ABOUT THIS TASK —
Below is a block of entries; repeat exactly the lines starting at the line that contains "move=> HxCB; apply/subsetP=>" and ending at the line that contains "move=> HB eB.", both included.

RECORDS FOR THIS TASK START

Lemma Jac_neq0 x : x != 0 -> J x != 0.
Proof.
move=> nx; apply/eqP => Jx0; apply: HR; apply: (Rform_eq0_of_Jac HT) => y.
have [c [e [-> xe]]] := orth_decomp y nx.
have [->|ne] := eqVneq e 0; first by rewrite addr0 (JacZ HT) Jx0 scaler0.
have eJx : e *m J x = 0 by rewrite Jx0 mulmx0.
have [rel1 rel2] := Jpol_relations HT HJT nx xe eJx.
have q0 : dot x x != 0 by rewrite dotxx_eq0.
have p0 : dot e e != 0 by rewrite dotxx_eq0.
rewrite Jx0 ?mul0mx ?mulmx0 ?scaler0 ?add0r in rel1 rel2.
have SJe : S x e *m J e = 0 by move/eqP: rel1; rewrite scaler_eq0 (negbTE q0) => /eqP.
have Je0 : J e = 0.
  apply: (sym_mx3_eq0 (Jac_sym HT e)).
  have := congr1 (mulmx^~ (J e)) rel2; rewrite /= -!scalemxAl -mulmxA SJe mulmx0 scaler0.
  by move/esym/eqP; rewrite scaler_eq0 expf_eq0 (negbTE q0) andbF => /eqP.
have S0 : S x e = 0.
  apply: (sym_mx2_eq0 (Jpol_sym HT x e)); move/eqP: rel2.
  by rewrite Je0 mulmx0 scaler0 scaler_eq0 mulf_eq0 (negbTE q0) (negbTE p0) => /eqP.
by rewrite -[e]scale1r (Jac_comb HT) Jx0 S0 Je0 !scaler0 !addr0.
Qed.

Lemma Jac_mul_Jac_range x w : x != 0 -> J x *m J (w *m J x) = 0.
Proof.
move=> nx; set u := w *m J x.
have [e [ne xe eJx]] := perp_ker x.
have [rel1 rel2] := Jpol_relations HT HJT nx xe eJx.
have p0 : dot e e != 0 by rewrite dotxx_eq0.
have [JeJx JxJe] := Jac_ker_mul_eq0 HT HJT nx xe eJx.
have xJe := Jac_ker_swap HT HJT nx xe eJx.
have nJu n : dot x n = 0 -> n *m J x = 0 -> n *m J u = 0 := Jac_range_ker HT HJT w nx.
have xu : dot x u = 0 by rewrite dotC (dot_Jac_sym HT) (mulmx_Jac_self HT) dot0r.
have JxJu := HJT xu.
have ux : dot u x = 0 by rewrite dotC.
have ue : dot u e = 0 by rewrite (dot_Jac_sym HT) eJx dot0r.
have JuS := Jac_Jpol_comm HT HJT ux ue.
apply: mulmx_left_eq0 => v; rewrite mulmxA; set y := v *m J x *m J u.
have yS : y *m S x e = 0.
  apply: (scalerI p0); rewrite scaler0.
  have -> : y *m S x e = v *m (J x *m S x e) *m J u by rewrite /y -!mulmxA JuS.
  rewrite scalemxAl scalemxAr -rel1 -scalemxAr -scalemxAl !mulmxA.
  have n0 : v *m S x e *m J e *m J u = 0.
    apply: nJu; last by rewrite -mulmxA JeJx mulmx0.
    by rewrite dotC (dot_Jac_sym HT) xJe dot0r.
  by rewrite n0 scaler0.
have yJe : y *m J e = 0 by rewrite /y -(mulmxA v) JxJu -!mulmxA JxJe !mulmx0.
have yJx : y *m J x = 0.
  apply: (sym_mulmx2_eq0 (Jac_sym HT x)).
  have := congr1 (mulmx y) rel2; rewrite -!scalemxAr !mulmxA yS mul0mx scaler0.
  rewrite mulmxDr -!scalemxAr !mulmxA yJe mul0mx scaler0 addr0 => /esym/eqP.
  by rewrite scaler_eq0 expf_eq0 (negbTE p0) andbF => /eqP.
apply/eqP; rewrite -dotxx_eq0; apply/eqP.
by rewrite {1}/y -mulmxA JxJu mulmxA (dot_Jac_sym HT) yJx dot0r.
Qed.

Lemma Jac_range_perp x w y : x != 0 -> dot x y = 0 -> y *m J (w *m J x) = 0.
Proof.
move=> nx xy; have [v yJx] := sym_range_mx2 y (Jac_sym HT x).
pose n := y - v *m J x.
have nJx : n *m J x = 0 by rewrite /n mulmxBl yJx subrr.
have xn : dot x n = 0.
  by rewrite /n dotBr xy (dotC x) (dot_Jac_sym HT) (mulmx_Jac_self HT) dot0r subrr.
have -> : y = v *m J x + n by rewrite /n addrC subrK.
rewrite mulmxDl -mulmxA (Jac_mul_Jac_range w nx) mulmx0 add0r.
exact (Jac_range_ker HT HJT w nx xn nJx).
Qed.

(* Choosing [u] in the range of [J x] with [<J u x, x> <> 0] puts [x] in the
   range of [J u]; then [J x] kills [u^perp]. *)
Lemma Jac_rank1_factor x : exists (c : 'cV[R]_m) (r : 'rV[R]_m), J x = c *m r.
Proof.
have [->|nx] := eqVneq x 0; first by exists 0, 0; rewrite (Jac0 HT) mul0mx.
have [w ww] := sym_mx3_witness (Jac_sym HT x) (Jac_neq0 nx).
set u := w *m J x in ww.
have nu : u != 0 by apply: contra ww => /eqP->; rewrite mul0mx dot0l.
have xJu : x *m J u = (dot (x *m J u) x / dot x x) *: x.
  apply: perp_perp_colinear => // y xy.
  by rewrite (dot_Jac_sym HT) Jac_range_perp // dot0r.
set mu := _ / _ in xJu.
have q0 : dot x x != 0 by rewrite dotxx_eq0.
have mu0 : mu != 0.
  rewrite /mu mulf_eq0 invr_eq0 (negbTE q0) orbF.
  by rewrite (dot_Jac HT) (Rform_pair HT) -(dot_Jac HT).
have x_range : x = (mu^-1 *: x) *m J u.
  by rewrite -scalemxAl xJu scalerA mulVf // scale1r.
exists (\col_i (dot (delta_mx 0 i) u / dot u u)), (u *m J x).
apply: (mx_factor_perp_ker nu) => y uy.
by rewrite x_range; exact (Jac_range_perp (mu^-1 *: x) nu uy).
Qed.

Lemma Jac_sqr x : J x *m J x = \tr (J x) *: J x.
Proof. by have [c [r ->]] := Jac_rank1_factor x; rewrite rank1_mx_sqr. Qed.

RECORDS FOR THIS TASK END
RECORDS FOR THIS TASK START

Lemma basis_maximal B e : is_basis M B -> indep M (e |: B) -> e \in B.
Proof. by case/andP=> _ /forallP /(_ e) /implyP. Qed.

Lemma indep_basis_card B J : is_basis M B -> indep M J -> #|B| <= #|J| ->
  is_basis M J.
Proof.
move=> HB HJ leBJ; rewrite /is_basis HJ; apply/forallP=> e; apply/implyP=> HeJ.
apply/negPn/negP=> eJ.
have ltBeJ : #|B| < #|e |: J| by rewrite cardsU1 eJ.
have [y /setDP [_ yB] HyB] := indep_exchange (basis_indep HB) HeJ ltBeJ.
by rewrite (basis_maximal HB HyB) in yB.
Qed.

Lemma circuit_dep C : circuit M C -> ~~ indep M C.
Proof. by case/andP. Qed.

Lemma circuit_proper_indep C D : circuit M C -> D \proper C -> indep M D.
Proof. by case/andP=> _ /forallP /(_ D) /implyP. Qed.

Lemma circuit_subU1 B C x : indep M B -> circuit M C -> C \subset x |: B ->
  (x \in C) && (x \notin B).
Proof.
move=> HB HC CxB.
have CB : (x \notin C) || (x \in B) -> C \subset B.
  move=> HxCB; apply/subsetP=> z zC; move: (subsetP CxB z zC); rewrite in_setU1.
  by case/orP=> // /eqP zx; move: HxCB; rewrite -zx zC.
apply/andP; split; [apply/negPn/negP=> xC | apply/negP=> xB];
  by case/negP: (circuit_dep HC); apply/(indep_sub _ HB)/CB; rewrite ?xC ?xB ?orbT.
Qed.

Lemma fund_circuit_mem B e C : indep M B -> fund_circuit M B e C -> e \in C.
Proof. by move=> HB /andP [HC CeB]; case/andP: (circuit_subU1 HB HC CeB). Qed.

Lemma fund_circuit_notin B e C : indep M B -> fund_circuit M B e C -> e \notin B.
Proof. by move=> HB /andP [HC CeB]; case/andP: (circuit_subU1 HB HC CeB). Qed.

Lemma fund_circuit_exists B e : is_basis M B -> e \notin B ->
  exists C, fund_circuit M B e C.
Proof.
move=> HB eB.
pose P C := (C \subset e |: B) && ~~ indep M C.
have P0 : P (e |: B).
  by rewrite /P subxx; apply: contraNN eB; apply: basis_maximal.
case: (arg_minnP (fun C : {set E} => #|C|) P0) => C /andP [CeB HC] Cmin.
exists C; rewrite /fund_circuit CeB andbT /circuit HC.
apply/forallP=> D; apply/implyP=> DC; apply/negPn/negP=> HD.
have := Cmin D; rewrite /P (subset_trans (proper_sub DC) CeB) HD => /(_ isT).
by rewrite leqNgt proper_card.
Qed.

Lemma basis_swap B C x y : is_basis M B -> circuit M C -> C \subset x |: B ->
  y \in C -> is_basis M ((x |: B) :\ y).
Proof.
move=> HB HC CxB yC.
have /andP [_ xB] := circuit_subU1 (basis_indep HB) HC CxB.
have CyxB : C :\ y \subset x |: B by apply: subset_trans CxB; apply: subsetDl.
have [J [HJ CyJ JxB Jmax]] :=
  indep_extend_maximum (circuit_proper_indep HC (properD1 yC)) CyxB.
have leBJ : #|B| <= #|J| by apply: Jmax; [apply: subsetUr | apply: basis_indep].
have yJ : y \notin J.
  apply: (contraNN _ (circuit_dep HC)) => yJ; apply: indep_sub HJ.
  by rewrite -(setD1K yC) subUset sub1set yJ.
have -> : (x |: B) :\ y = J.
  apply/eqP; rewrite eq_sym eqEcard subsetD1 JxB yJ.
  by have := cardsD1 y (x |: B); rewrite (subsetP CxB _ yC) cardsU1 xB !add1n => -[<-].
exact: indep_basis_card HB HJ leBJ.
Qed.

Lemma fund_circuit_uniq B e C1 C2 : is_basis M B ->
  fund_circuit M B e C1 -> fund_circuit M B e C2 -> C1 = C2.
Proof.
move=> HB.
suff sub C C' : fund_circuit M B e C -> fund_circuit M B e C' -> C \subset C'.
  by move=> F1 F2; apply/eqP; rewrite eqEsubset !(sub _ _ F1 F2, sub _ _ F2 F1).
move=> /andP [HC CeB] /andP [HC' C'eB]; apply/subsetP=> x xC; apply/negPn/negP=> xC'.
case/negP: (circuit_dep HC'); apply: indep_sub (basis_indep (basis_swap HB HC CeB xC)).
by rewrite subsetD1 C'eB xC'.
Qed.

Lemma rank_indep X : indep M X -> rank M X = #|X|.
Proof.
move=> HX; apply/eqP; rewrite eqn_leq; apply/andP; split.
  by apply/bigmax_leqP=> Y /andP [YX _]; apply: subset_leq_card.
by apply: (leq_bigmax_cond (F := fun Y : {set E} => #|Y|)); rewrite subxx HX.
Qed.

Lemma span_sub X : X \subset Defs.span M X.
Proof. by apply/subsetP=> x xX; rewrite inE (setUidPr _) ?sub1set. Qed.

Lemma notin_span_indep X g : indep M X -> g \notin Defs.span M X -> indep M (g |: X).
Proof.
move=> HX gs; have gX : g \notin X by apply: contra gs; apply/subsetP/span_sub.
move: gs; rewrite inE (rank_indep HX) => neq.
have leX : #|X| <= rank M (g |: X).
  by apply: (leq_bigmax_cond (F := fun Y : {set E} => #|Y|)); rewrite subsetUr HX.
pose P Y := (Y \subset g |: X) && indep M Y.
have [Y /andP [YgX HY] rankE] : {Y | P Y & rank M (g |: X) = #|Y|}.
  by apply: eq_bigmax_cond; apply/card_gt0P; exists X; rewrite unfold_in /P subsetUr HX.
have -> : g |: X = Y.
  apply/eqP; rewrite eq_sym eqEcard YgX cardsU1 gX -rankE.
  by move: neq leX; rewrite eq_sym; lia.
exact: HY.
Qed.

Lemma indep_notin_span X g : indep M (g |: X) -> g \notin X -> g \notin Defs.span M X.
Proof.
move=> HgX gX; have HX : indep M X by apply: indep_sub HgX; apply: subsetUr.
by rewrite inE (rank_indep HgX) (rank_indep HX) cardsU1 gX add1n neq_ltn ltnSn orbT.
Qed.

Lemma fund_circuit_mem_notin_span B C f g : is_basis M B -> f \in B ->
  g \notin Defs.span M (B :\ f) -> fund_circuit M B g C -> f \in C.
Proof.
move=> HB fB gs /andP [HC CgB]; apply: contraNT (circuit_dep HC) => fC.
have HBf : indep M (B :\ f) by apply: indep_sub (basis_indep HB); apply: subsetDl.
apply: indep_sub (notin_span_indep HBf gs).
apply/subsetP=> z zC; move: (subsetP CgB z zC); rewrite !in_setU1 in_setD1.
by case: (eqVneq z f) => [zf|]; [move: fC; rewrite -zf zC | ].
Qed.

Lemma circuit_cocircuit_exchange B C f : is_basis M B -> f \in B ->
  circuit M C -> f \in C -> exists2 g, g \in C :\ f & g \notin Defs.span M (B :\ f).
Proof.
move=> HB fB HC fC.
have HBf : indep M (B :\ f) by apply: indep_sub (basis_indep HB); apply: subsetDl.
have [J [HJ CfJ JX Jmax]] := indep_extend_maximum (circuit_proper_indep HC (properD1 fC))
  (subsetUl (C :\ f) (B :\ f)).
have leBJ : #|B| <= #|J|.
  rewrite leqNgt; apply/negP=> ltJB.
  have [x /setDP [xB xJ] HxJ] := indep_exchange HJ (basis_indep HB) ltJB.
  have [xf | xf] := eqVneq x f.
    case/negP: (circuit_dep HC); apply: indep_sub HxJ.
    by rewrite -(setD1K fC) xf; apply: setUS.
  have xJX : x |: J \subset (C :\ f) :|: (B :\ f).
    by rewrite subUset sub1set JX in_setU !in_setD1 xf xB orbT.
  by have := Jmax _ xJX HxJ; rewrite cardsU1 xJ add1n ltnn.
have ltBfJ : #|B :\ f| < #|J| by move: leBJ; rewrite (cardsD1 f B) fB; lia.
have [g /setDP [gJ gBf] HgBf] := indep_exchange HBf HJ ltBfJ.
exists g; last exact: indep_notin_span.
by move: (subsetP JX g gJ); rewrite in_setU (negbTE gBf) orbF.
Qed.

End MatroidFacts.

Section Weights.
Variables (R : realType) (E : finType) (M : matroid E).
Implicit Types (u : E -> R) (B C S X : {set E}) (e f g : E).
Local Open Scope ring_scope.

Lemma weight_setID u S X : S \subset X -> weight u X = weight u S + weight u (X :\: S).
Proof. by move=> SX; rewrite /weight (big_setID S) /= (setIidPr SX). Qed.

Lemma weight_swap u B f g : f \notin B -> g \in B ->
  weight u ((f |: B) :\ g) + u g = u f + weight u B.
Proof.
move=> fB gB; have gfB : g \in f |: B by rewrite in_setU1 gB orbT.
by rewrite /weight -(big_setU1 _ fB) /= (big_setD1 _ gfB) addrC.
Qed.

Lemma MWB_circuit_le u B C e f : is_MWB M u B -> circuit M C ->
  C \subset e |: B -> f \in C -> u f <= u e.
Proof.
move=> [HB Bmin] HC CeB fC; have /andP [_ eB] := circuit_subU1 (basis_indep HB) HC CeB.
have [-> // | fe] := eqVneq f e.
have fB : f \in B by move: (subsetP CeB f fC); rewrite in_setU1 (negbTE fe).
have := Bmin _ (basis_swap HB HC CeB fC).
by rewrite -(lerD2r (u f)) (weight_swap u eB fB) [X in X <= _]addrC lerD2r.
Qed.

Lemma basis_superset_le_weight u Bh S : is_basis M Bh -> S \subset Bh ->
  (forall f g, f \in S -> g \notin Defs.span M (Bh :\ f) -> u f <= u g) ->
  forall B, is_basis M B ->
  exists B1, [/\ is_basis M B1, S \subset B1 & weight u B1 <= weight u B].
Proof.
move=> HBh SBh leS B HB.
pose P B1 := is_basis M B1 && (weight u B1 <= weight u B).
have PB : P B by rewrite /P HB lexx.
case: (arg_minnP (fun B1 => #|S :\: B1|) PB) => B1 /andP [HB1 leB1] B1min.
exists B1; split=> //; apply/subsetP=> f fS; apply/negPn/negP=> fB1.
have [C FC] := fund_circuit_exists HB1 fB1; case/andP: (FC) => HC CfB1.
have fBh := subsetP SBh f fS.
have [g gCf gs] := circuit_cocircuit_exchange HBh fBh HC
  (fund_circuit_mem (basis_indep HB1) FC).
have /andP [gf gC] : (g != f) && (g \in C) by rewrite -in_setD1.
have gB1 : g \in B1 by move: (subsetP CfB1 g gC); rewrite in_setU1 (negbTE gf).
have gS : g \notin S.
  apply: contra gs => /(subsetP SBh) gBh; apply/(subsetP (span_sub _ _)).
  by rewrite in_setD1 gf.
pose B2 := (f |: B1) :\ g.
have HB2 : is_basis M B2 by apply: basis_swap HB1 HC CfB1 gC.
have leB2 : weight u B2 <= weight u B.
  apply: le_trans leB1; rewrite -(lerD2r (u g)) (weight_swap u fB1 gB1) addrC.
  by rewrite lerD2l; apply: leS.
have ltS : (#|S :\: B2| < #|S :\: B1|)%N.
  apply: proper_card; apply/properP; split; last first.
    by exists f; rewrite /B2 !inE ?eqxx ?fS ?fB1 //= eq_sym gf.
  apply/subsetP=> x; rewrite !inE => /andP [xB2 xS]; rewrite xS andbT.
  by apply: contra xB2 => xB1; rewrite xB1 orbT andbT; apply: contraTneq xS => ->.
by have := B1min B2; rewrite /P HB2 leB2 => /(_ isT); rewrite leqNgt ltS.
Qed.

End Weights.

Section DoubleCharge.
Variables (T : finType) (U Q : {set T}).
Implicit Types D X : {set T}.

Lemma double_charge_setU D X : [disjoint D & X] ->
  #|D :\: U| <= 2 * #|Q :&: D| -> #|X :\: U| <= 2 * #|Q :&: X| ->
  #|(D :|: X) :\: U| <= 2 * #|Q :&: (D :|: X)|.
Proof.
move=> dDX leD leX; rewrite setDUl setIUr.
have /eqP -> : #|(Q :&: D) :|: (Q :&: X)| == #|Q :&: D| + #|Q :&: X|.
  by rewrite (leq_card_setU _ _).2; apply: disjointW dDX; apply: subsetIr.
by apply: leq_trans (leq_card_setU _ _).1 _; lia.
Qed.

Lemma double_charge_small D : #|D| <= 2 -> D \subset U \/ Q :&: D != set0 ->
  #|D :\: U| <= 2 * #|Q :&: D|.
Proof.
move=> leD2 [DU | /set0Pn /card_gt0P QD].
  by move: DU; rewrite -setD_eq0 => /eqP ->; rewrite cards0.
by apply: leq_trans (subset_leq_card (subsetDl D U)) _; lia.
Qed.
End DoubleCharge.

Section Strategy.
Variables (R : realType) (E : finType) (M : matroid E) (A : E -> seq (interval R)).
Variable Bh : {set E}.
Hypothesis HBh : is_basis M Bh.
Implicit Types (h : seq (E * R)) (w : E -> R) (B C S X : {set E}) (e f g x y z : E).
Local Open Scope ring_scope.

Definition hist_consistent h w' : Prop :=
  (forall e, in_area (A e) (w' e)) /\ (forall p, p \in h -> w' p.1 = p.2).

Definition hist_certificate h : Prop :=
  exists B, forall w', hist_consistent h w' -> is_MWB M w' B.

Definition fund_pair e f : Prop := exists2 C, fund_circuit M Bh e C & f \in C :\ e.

RECORDS FOR THIS TASK END

ANSWER SECTION —
  move=> HxCB; apply/subsetP=> z zC; move: (subsetP CxB z zC); rewrite in_setU1.
  by case/orP=> // /eqP zx; move: HxCB; rewrite -zx zC.
apply/andP; split; [apply/negPn/negP=> xC | apply/negP=> xB];
  by case/negP: (circuit_dep HC); apply/(indep_sub _ HB)/CB; rewrite ?xC ?xB ?orbT.
Qed.

Lemma fund_circuit_mem B e C : indep M B -> fund_circuit M B e C -> e \in C.
Proof. by move=> HB /andP [HC CeB]; case/andP: (circuit_subU1 HB HC CeB). Qed.

Lemma fund_circuit_notin B e C : indep M B -> fund_circuit M B e C -> e \notin B.
Proof. by move=> HB /andP [HC CeB]; case/andP: (circuit_subU1 HB HC CeB). Qed.

Lemma fund_circuit_exists B e : is_basis M B -> e \notin B ->
  exists C, fund_circuit M B e C.
Proof.
move=> HB eB.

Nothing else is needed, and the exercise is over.